* **Description of the task**
In the entries, find all lines that hold the word "atoms" and copy them.

* **Given records**
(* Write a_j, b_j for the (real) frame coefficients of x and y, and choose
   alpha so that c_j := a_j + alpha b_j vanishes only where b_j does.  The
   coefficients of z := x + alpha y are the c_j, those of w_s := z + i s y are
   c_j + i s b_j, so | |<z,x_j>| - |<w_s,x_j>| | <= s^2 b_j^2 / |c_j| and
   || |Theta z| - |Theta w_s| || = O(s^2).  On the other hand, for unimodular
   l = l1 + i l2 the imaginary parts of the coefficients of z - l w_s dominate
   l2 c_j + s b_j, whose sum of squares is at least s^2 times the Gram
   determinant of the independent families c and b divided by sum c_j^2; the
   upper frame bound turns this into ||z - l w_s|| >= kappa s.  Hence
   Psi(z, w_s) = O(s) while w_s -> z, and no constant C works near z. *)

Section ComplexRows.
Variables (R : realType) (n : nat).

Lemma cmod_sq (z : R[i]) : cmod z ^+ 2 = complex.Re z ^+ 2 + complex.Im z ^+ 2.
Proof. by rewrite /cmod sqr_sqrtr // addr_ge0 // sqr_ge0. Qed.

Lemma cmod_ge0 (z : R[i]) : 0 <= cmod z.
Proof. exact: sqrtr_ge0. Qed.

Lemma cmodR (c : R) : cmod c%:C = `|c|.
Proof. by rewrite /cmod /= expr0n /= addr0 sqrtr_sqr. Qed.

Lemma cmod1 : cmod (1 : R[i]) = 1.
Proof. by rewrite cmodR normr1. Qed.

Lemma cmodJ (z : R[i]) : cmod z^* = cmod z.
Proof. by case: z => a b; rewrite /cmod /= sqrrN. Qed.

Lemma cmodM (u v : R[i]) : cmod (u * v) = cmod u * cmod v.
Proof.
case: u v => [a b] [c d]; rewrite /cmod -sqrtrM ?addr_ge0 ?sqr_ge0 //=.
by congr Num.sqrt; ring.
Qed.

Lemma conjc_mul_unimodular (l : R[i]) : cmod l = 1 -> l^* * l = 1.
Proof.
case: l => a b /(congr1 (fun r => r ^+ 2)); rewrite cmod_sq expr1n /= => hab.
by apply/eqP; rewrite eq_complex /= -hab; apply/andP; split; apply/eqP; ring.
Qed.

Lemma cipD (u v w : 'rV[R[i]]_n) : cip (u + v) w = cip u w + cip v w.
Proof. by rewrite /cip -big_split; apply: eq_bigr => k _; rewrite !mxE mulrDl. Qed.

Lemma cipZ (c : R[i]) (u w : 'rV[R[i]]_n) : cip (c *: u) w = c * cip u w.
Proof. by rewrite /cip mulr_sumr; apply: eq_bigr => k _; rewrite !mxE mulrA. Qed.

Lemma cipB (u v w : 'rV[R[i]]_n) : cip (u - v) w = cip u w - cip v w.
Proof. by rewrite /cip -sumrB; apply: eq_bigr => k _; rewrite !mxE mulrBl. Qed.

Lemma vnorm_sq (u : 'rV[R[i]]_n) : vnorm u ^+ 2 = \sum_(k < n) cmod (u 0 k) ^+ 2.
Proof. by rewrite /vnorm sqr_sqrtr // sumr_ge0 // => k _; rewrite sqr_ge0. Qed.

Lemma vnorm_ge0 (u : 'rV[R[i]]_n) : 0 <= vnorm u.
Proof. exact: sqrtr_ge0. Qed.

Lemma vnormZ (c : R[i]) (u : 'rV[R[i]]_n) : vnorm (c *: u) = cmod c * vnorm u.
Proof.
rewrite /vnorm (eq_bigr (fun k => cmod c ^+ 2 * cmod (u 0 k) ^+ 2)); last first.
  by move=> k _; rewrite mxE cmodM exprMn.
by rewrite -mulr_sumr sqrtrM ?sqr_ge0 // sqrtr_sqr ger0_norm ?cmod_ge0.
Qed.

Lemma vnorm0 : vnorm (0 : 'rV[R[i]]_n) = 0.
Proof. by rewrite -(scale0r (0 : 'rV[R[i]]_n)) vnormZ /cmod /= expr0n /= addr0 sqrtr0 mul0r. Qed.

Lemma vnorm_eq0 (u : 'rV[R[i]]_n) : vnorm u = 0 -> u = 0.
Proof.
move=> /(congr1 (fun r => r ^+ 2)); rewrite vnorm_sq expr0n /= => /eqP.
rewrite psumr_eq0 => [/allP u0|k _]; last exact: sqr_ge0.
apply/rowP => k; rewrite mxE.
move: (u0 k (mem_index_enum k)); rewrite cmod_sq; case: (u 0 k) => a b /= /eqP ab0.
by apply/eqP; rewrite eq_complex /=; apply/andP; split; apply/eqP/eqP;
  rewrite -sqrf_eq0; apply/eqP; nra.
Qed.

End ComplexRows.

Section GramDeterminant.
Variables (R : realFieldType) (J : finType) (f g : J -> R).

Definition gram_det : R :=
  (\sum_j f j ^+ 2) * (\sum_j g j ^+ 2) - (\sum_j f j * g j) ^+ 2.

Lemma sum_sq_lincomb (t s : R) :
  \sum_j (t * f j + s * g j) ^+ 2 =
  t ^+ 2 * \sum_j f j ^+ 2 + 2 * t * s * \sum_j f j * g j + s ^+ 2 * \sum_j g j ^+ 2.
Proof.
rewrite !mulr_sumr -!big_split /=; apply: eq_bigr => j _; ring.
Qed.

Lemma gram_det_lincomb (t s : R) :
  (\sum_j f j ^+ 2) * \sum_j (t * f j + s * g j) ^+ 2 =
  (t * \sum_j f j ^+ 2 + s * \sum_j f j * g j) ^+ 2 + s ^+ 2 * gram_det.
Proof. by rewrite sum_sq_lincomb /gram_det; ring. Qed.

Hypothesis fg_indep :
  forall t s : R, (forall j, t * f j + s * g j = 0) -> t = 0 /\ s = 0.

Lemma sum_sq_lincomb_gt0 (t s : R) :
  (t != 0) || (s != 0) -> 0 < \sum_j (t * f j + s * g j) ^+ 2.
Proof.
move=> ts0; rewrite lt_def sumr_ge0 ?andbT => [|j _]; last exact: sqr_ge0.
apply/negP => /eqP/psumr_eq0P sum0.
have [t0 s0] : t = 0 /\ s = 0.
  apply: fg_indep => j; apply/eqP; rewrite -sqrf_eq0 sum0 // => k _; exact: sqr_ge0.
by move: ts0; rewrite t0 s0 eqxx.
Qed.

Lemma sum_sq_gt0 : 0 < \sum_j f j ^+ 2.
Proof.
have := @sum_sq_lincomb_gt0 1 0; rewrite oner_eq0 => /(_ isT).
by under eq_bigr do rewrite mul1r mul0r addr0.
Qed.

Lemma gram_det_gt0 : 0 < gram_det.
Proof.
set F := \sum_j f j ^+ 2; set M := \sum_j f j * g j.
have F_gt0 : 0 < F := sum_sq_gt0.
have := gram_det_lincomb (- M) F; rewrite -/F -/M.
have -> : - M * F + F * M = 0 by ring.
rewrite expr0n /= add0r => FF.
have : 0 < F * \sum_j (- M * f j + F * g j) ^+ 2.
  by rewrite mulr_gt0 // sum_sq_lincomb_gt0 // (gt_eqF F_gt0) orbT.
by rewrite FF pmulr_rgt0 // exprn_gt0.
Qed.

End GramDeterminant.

==

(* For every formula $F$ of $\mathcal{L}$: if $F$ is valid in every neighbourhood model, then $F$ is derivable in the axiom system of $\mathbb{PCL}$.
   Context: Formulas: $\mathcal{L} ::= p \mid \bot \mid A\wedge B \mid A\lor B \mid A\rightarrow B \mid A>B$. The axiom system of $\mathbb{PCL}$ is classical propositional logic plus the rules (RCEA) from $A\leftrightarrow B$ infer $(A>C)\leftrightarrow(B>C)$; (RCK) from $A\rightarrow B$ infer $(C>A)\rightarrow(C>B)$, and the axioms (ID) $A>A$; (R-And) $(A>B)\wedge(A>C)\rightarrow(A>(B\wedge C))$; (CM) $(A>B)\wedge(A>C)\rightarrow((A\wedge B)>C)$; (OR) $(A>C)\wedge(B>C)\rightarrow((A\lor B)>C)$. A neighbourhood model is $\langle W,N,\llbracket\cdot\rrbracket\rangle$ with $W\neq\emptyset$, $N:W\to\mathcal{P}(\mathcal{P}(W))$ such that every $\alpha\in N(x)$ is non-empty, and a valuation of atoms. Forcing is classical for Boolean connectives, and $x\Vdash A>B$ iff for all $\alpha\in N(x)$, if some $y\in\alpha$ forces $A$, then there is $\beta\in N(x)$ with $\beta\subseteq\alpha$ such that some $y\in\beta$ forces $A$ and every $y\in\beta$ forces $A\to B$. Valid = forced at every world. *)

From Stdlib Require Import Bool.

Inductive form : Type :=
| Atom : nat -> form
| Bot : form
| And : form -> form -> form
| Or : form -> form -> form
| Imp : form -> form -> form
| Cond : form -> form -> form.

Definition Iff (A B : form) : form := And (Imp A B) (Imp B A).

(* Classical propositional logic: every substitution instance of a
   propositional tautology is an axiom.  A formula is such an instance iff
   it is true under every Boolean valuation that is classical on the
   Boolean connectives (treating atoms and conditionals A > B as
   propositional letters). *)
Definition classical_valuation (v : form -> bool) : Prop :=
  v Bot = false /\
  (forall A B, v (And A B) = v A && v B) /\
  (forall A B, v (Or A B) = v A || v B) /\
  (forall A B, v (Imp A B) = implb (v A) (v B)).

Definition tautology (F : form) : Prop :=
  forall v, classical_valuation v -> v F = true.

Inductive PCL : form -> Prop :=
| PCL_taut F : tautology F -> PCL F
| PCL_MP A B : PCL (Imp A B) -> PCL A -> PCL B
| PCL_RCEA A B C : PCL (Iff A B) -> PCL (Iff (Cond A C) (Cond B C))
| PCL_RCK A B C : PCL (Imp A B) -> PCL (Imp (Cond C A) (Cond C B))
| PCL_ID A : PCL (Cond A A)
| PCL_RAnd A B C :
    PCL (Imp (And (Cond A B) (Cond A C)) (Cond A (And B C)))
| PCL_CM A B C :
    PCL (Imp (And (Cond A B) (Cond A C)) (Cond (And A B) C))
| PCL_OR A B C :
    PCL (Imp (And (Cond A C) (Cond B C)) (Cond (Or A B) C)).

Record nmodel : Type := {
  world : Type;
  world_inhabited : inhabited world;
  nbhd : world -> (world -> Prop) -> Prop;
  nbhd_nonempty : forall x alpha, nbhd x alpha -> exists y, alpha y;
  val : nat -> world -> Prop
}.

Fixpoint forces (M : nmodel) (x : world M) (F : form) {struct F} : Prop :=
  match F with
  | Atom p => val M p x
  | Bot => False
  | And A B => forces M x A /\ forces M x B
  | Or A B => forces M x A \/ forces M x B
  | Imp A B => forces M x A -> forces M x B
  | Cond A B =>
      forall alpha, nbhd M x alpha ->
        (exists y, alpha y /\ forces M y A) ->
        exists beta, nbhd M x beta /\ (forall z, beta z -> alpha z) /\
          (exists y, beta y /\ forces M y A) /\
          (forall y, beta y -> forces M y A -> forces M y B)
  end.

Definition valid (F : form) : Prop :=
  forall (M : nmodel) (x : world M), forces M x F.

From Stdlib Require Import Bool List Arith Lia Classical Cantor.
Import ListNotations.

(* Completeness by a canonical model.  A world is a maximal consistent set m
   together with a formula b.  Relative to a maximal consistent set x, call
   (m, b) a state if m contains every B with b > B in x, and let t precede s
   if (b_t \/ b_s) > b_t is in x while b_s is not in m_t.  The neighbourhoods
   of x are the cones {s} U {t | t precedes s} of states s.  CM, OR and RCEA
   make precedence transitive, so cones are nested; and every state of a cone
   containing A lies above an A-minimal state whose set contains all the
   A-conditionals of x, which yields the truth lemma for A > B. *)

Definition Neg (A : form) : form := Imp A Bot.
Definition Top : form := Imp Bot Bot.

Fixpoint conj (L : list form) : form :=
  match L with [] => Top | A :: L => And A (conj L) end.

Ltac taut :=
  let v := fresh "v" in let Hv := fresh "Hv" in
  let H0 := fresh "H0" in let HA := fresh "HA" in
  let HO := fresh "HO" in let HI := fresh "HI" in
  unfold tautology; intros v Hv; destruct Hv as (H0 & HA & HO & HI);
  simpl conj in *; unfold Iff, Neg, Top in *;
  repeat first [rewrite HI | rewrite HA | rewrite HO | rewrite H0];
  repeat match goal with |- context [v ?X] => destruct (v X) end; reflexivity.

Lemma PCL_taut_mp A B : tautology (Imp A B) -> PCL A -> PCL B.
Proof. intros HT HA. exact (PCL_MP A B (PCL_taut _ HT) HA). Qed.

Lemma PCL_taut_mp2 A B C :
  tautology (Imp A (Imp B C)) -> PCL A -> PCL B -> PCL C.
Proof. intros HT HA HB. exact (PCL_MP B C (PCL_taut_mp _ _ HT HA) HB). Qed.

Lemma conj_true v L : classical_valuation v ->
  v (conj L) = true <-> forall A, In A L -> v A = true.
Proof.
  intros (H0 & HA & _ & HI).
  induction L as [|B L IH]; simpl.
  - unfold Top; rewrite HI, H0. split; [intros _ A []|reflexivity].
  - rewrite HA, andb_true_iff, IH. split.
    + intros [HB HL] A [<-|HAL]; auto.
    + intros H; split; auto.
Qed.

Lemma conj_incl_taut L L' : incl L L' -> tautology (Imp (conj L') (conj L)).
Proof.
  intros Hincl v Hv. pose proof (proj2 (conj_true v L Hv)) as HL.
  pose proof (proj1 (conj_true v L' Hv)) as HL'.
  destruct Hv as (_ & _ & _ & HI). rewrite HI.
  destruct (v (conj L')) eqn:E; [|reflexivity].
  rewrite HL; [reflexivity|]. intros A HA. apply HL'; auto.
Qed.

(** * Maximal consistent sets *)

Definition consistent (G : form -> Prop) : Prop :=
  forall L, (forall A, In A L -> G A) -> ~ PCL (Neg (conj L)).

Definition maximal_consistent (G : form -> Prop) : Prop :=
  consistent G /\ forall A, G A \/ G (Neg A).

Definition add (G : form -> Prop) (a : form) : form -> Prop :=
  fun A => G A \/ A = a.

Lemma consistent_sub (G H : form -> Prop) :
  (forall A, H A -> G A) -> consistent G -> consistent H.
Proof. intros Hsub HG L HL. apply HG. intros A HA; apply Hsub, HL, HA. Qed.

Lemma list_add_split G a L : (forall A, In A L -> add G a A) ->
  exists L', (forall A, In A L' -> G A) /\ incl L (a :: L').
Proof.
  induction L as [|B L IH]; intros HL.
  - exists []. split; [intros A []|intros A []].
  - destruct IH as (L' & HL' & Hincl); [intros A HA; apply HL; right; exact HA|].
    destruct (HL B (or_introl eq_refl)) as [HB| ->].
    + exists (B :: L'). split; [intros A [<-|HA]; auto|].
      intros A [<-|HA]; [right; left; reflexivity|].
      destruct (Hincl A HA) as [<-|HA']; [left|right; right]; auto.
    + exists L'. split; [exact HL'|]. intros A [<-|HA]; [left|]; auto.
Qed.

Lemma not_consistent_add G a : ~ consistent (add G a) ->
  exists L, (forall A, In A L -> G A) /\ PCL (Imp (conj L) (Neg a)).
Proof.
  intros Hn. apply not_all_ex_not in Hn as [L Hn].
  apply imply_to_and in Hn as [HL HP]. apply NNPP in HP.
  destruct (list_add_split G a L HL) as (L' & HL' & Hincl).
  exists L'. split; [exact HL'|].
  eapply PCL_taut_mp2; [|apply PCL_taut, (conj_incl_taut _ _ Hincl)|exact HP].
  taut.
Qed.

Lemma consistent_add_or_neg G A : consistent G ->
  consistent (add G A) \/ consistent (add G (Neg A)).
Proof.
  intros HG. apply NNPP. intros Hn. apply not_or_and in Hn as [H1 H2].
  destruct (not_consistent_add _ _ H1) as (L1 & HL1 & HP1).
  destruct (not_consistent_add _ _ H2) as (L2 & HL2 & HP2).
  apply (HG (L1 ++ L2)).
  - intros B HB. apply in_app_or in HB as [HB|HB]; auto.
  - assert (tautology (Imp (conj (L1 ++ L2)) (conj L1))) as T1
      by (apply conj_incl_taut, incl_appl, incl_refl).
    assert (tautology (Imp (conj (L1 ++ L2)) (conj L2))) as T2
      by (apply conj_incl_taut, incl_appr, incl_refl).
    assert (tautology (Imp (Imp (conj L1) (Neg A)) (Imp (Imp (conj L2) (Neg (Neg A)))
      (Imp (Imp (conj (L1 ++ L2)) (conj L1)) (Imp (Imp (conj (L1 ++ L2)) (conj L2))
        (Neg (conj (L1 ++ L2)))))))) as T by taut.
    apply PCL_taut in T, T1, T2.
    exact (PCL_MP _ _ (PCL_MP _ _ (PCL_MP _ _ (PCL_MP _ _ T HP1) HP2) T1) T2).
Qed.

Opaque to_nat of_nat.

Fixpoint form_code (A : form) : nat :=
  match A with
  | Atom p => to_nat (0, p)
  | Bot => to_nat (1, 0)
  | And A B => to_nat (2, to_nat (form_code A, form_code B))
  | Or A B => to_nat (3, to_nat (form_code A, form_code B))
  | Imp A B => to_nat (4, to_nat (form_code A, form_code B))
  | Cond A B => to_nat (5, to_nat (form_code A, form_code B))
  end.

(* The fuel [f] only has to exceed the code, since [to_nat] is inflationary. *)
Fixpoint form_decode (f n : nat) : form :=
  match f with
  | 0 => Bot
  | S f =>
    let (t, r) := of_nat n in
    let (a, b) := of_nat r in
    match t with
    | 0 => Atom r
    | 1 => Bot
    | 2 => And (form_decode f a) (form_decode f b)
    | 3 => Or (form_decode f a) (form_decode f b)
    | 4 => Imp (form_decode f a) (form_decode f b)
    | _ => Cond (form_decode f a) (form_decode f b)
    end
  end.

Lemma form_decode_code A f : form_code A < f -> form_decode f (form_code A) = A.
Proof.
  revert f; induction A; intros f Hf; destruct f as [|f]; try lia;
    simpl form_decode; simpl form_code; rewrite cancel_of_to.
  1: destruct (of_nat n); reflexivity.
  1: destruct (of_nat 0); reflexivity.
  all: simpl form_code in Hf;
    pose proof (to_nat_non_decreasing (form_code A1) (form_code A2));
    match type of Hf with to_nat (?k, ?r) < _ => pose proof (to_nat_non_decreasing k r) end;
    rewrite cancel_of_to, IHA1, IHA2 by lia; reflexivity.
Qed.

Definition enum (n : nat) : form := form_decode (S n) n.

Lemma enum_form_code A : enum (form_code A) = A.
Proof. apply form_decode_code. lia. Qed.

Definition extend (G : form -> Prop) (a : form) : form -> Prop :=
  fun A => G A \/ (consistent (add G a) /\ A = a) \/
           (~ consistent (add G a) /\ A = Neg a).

* **Exercise result**
   Context: Formulas: $\mathcal{L} ::= p \mid \bot \mid A\wedge B \mid A\lor B \mid A\rightarrow B \mid A>B$. The axiom system of $\mathbb{PCL}$ is classical propositional logic plus the rules (RCEA) from $A\leftrightarrow B$ infer $(A>C)\leftrightarrow(B>C)$; (RCK) from $A\rightarrow B$ infer $(C>A)\rightarrow(C>B)$, and the axioms (ID) $A>A$; (R-And) $(A>B)\wedge(A>C)\rightarrow(A>(B\wedge C))$; (CM) $(A>B)\wedge(A>C)\rightarrow((A\wedge B)>C)$; (OR) $(A>C)\wedge(B>C)\rightarrow((A\lor B)>C)$. A neighbourhood model is $\langle W,N,\llbracket\cdot\rrbracket\rangle$ with $W\neq\emptyset$, $N:W\to\mathcal{P}(\mathcal{P}(W))$ such that every $\alpha\in N(x)$ is non-empty, and a valuation of atoms. Forcing is classical for Boolean connectives, and $x\Vdash A>B$ iff for all $\alpha\in N(x)$, if some $y\in\alpha$ forces $A$, then there is $\beta\in N(x)$ with $\beta\subseteq\alpha$ such that some $y\in\beta$ forces $A$ and every $y\in\beta$ forces $A\to B$. Valid = forced at every world. *)
   Boolean connectives (treating atoms and conditionals A > B as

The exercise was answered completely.